= Beginning of Section =
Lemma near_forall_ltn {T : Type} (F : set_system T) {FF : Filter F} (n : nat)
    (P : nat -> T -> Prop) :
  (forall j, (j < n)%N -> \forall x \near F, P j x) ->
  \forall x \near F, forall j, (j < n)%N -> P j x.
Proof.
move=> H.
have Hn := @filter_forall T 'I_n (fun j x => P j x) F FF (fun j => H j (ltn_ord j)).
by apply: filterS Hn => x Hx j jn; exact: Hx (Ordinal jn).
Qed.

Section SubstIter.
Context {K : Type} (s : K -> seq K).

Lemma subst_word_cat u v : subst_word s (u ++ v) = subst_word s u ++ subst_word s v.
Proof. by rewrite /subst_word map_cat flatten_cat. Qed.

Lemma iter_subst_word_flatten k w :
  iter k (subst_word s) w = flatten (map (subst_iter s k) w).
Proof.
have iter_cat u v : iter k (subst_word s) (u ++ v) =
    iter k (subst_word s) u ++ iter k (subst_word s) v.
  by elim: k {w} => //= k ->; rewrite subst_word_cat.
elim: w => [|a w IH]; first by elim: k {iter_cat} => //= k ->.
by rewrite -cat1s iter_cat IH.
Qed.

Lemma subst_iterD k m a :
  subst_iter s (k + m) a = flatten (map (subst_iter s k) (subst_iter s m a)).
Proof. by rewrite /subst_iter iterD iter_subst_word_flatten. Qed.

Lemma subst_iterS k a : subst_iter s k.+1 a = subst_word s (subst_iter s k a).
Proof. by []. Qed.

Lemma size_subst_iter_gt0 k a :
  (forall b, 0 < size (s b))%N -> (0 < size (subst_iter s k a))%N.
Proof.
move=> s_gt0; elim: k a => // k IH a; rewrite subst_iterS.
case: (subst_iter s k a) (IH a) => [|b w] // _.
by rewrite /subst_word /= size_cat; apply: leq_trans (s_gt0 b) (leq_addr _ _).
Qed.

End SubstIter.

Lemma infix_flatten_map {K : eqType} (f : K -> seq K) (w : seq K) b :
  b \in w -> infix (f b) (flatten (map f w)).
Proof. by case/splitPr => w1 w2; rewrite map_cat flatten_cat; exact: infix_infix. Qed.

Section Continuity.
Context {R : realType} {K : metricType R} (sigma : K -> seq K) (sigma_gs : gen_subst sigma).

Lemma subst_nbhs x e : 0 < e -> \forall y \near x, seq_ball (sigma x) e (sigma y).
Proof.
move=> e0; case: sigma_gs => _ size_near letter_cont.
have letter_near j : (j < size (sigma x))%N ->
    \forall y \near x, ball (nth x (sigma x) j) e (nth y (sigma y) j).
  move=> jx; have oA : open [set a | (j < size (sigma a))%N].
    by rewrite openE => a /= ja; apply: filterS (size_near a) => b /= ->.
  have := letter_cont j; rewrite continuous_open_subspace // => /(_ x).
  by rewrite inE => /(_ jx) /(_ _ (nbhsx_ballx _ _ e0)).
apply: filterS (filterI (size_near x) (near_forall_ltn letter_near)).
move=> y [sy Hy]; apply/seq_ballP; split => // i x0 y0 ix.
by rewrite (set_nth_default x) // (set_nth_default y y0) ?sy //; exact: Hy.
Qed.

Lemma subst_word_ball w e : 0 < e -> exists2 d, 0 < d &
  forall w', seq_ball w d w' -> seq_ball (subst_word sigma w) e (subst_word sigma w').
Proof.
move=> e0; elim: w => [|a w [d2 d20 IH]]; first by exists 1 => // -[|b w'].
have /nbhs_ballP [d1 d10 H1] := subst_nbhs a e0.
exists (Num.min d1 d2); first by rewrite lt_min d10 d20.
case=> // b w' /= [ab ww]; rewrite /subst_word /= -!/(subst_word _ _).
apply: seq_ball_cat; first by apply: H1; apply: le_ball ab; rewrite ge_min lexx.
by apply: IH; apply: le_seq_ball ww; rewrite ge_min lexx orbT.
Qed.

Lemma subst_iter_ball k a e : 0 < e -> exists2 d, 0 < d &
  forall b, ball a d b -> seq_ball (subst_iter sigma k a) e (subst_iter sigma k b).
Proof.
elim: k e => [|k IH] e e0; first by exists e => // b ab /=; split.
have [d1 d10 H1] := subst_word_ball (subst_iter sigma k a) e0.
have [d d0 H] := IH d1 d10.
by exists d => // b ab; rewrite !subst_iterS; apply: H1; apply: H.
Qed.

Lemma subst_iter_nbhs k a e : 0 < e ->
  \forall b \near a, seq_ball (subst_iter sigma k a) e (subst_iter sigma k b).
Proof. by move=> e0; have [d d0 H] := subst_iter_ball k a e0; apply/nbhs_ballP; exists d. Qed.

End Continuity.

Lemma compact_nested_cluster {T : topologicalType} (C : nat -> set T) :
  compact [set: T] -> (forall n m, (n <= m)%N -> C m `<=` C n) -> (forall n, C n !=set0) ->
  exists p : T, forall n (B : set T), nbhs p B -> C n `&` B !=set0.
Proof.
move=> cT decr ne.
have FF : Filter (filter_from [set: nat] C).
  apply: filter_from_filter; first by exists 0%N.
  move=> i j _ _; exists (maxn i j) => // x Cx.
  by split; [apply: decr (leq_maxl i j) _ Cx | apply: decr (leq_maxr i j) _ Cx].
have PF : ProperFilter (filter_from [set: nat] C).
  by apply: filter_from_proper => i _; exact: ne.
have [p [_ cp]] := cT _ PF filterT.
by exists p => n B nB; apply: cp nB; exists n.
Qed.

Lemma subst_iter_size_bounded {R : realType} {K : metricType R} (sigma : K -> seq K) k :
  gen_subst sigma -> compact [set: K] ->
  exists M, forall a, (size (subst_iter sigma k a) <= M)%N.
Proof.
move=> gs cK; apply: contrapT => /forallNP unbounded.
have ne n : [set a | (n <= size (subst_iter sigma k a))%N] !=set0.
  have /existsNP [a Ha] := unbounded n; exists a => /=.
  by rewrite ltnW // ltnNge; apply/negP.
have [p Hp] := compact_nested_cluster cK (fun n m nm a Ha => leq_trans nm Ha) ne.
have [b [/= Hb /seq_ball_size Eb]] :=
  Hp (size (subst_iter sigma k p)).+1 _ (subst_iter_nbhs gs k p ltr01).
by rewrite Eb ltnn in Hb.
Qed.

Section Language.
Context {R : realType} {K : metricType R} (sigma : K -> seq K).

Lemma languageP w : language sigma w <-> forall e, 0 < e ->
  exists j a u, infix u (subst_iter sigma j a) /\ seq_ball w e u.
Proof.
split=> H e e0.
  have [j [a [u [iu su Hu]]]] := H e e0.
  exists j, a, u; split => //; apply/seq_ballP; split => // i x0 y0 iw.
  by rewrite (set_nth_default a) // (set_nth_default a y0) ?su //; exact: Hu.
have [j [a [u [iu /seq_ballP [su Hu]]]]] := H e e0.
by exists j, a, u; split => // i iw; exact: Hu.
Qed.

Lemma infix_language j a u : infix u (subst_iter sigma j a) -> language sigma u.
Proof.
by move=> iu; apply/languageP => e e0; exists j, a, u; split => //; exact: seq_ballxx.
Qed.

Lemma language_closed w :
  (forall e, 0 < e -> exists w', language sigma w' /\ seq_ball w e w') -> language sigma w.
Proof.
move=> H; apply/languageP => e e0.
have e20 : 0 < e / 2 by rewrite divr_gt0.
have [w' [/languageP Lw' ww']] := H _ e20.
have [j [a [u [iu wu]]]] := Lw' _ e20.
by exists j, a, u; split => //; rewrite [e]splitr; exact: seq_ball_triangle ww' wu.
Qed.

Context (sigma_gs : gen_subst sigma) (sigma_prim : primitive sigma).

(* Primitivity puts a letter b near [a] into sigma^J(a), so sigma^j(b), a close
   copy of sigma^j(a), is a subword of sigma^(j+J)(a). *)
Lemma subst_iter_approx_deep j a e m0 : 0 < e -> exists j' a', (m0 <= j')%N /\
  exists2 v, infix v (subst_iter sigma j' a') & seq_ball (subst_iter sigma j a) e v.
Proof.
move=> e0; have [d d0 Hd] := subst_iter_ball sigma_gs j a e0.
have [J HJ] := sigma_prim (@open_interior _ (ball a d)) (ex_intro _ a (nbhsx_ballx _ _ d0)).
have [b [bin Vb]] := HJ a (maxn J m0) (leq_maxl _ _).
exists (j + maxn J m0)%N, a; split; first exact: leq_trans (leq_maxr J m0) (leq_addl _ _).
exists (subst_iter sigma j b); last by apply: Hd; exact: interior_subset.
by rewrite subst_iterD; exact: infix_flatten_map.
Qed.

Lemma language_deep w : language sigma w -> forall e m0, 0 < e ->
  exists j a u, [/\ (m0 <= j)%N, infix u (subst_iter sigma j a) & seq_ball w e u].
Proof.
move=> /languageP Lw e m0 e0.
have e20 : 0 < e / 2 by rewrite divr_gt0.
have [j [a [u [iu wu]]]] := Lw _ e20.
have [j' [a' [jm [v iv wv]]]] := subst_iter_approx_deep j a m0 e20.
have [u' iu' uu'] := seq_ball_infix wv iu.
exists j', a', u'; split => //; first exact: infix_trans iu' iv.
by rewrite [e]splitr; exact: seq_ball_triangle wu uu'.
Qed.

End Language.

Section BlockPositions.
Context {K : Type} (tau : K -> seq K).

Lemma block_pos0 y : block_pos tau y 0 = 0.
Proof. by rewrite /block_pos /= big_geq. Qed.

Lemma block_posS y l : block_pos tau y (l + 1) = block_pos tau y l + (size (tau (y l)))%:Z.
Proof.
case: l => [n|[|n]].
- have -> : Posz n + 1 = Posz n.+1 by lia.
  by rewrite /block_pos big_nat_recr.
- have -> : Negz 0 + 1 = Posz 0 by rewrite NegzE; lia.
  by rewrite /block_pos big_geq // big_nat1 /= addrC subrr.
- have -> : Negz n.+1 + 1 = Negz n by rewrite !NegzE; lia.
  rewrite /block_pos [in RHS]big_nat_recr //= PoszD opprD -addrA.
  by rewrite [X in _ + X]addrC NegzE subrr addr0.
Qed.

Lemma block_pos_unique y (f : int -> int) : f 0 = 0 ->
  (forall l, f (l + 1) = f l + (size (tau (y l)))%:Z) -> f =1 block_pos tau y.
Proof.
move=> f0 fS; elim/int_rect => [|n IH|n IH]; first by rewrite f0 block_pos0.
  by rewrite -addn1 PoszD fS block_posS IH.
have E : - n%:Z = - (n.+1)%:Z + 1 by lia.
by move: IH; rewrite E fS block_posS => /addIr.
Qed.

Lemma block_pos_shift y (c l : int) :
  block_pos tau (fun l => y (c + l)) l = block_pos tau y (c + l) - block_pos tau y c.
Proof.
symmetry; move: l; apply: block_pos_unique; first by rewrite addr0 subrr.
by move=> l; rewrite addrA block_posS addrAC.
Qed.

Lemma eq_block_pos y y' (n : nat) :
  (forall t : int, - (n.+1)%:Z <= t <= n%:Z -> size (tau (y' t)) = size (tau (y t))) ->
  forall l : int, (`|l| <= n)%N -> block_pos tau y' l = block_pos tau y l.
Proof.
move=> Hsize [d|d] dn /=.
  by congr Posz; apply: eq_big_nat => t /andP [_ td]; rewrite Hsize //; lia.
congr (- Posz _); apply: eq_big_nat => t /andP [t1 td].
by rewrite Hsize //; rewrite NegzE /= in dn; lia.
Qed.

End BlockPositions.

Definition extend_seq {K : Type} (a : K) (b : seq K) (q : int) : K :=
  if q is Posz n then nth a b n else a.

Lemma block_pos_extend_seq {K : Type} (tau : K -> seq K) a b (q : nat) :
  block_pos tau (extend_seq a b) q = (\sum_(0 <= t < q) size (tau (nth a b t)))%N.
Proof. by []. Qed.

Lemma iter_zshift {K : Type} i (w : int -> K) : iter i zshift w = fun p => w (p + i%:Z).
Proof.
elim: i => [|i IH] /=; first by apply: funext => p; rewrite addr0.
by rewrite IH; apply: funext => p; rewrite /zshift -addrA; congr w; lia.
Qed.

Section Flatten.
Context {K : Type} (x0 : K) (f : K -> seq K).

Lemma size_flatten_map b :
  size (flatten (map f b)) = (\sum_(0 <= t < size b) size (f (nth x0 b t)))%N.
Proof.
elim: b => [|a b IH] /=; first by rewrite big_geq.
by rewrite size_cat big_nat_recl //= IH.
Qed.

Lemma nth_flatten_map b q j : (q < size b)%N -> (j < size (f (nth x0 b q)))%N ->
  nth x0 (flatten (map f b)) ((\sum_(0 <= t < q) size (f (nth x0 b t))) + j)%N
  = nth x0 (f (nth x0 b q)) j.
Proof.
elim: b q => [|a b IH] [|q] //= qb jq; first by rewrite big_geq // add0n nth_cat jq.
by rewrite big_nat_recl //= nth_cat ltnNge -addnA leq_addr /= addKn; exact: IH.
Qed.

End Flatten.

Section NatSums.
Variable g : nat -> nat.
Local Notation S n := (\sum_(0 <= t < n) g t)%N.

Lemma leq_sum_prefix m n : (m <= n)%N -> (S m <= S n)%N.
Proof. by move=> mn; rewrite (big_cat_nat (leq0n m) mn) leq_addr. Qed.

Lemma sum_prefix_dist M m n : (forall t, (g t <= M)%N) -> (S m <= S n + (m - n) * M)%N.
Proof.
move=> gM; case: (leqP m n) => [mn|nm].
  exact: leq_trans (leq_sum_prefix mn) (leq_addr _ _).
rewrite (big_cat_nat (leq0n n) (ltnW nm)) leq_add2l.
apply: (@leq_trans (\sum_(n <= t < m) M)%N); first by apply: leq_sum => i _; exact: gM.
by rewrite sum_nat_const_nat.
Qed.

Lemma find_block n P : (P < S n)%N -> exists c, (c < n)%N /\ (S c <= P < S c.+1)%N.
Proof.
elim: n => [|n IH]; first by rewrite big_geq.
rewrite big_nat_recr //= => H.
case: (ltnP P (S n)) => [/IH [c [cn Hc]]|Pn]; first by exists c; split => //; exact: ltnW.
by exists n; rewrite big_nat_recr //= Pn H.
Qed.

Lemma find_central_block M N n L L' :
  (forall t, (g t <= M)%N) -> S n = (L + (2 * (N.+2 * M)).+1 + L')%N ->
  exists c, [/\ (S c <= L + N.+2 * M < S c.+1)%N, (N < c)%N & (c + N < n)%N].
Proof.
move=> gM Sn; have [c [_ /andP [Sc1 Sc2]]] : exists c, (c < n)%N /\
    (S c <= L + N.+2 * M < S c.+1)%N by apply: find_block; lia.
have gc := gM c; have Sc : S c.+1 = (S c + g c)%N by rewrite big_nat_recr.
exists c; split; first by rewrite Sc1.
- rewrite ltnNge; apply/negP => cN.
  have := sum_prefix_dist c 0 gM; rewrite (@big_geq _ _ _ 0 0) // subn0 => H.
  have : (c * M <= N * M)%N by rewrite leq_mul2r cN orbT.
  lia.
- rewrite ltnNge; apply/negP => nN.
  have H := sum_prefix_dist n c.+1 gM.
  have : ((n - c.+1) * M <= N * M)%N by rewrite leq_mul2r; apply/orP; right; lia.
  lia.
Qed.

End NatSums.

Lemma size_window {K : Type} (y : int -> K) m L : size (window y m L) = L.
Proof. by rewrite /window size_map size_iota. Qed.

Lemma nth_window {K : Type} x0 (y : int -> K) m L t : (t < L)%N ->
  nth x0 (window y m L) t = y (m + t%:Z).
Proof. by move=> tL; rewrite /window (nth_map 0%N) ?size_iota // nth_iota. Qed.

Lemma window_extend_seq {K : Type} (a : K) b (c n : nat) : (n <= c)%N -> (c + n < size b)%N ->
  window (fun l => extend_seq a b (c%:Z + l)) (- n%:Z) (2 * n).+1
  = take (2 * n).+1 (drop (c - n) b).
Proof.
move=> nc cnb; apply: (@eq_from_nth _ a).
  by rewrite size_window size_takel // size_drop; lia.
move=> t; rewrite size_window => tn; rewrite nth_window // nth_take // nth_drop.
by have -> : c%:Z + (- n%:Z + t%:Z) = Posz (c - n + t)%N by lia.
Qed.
= End of Section =
* Instructions to follow *
Using the data above, repeat exactly the lines that begin at the line with "elim: b => [|a" and end at the line with "have gc := gM", both ends included.

* Result of this task *
elim: b => [|a b IH] /=; first by rewrite big_geq.
by rewrite size_cat big_nat_recl //= IH.
Qed.

Lemma nth_flatten_map b q j : (q < size b)%N -> (j < size (f (nth x0 b q)))%N ->
  nth x0 (flatten (map f b)) ((\sum_(0 <= t < q) size (f (nth x0 b t))) + j)%N
  = nth x0 (f (nth x0 b q)) j.
Proof.
elim: b q => [|a b IH] [|q] //= qb jq; first by rewrite big_geq // add0n nth_cat jq.
by rewrite big_nat_recl //= nth_cat ltnNge -addnA leq_addr /= addKn; exact: IH.
Qed.

End Flatten.

Section NatSums.
Variable g : nat -> nat.
Local Notation S n := (\sum_(0 <= t < n) g t)%N.

Lemma leq_sum_prefix m n : (m <= n)%N -> (S m <= S n)%N.
Proof. by move=> mn; rewrite (big_cat_nat (leq0n m) mn) leq_addr. Qed.

Lemma sum_prefix_dist M m n : (forall t, (g t <= M)%N) -> (S m <= S n + (m - n) * M)%N.
Proof.
move=> gM; case: (leqP m n) => [mn|nm].
  exact: leq_trans (leq_sum_prefix mn) (leq_addr _ _).
rewrite (big_cat_nat (leq0n n) (ltnW nm)) leq_add2l.
apply: (@leq_trans (\sum_(n <= t < m) M)%N); first by apply: leq_sum => i _; exact: gM.
by rewrite sum_nat_const_nat.
Qed.

Lemma find_block n P : (P < S n)%N -> exists c, (c < n)%N /\ (S c <= P < S c.+1)%N.
Proof.
elim: n => [|n IH]; first by rewrite big_geq.
rewrite big_nat_recr //= => H.
case: (ltnP P (S n)) => [/IH [c [cn Hc]]|Pn]; first by exists c; split => //; exact: ltnW.
by exists n; rewrite big_nat_recr //= Pn H.
Qed.

Lemma find_central_block M N n L L' :
  (forall t, (g t <= M)%N) -> S n = (L + (2 * (N.+2 * M)).+1 + L')%N ->
  exists c, [/\ (S c <= L + N.+2 * M < S c.+1)%N, (N < c)%N & (c + N < n)%N].
Proof.
move=> gM Sn; have [c [_ /andP [Sc1 Sc2]]] : exists c, (c < n)%N /\
    (S c <= L + N.+2 * M < S c.+1)%N by apply: find_block; lia.
have gc := gM c; have Sc : S c.+1 = (S c + g c)%N by rewrite big_nat_recr.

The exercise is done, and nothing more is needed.